DIRECTIONS: Filter the entries below down to the lines that hold "Scope".

--- --- ---

(* Let $c_1>0$ be a sufficiently small absolute constant and $K=\exp(c_1 s)$. For any fixed $\mathbf{A}\in\mathcal{A}_{\mathsf{suc}}$, with probability at least $1-\exp(-s/2)$ over $V=\{\mathbf{v}_1,\dots,\mathbf{v}_{16sK}\}$ drawn independently and uniformly from $\frac1{\sqrt d}\mathcal{H}_d$, $$\big|\mathcal{N}(\mathsf{O}^{\mathbf{M}_\mathbf{A}}(\mathbf{A},V),d^{-8})\big|\ge K.$$
   Context: Setting: $d$ large, $\delta\in(0,1)$, $k=d^{1-\delta-o(1)}$, $s=d^{1-\delta/2}\log^2 d$, $\xi=2\exp(-\log^5 d)$, $\xi'=\sqrt d\xi$, $\mathcal{H}_d=\{-1,1\}^d$, $\mathbb{S}^d$ the unit sphere. A fixed deterministic $(k,n)$-protocol: on $\mathbf{A}\in\{-1,1\}^{(d/2)\times d}$ Alice sends $\mathbf{M}_\mathbf{A}\in\{0,1\}^{kd}$; after receiving $\mathbf{v}\in\frac1{\sqrt d}\mathcal{H}_d$ she sends $\mathbf{R}_{\mathbf{A},\mathbf{v}}\in(\mathsf{row}(\mathbf{A})\cup\{\mathsf{nil}\})^n$; Bob outputs a unit vector $\mathbf{x}_{\mathbf{M},\mathbf{v},\mathbf{R}}\in\mathbb{S}^d$, defined for all $\mathbf{M}\in\{0,1\}^{kd}$, $\mathbf{v}$, $\mathbf{R}\in(\{-1,1\}^d\cup\{\mathsf{nil}\})^n$; $\mathbf{x}_{\mathbf{A},\mathbf{v}}=\mathbf{x}_{\mathbf{M}_\mathbf{A},\mathbf{v},\mathbf{R}_{\mathbf{A},\mathbf{v}}}$. Success on $(\mathbf{A},\mathbf{v})$: $\|\mathbf{A}\mathbf{x}_{\mathbf{A},\mathbf{v}}\|_\infty\le\xi'$ and $|\langle\mathbf{v},\mathbf{x}_{\mathbf{A},\mathbf{v}}\rangle|\ge\sqrt{s/d}$; the protocol succeeds with probability at least $1/2$ over uniform $(\mathbf{A},\mathbf{v})$. $\mathcal{A}_{\mathsf{suc}}$: the matrices $\mathbf{A}$ on which it succeeds with probability at least $1/4$ over uniform $\mathbf{v}$. For a matrix $\mathbf{B}\in\{-1,1\}^{m\times d}$ ($m\le d/2$), write $\mathbf{R}\subseteq\mathsf{row}(\mathbf{B})\cup\{\mathsf{nil}\}$ if every entry of $\mathbf{R}$ is $\mathsf{nil}$ or a row of $\mathbf{B}$. Table: $\mathsf{T}^{\mathbf{M}}(\mathbf{B},V)=\{\mathbf{x}_{\mathbf{M},\mathbf{v},\mathbf{R}}:\mathbf{v}\in V,\ \mathbf{R}\subseteq\mathsf{row}(\mathbf{B})\cup\{\mathsf{nil}\}\}$. Orthogonal entries: $\mathsf{O}^{\mathbf{M}}(\mathbf{B},V)=\{\mathbf{x}\in\mathsf{T}^{\mathbf{M}}(\mathbf{B},V):\|\mathbf{B}\mathbf{x}\|_\infty\le\xi'\}$. For $X\subseteq\mathbb{R}^d$ and $\alpha>0$, $\mathcal{N}(X,\alpha)$ denotes a largest subset $X'\subseteq X$ whose points have pairwise distance at least $\alpha$. *)

From HB Require Import structures.
From mathcomp Require Import all_boot all_order all_algebra.
From mathcomp Require Import finmap.
From mathcomp Require Import boolp reals Rstruct.
From mathcomp Require Import sequences exp.
From Stdlib Require Import Rdefinitions.

Set Implicit Arguments.
Unset Strict Implicit.
Unset Printing Implicit Defensive.
Import Order.TTheory GRing.Theory Num.Theory.
Local Open Scope ring_scope.
Local Open Scope fset_scope.

Notation R := Rdefinitions.R.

--- --- ---

PROBLEM SOLUTION:
Local Open Scope ring_scope.
Local Open Scope fset_scope.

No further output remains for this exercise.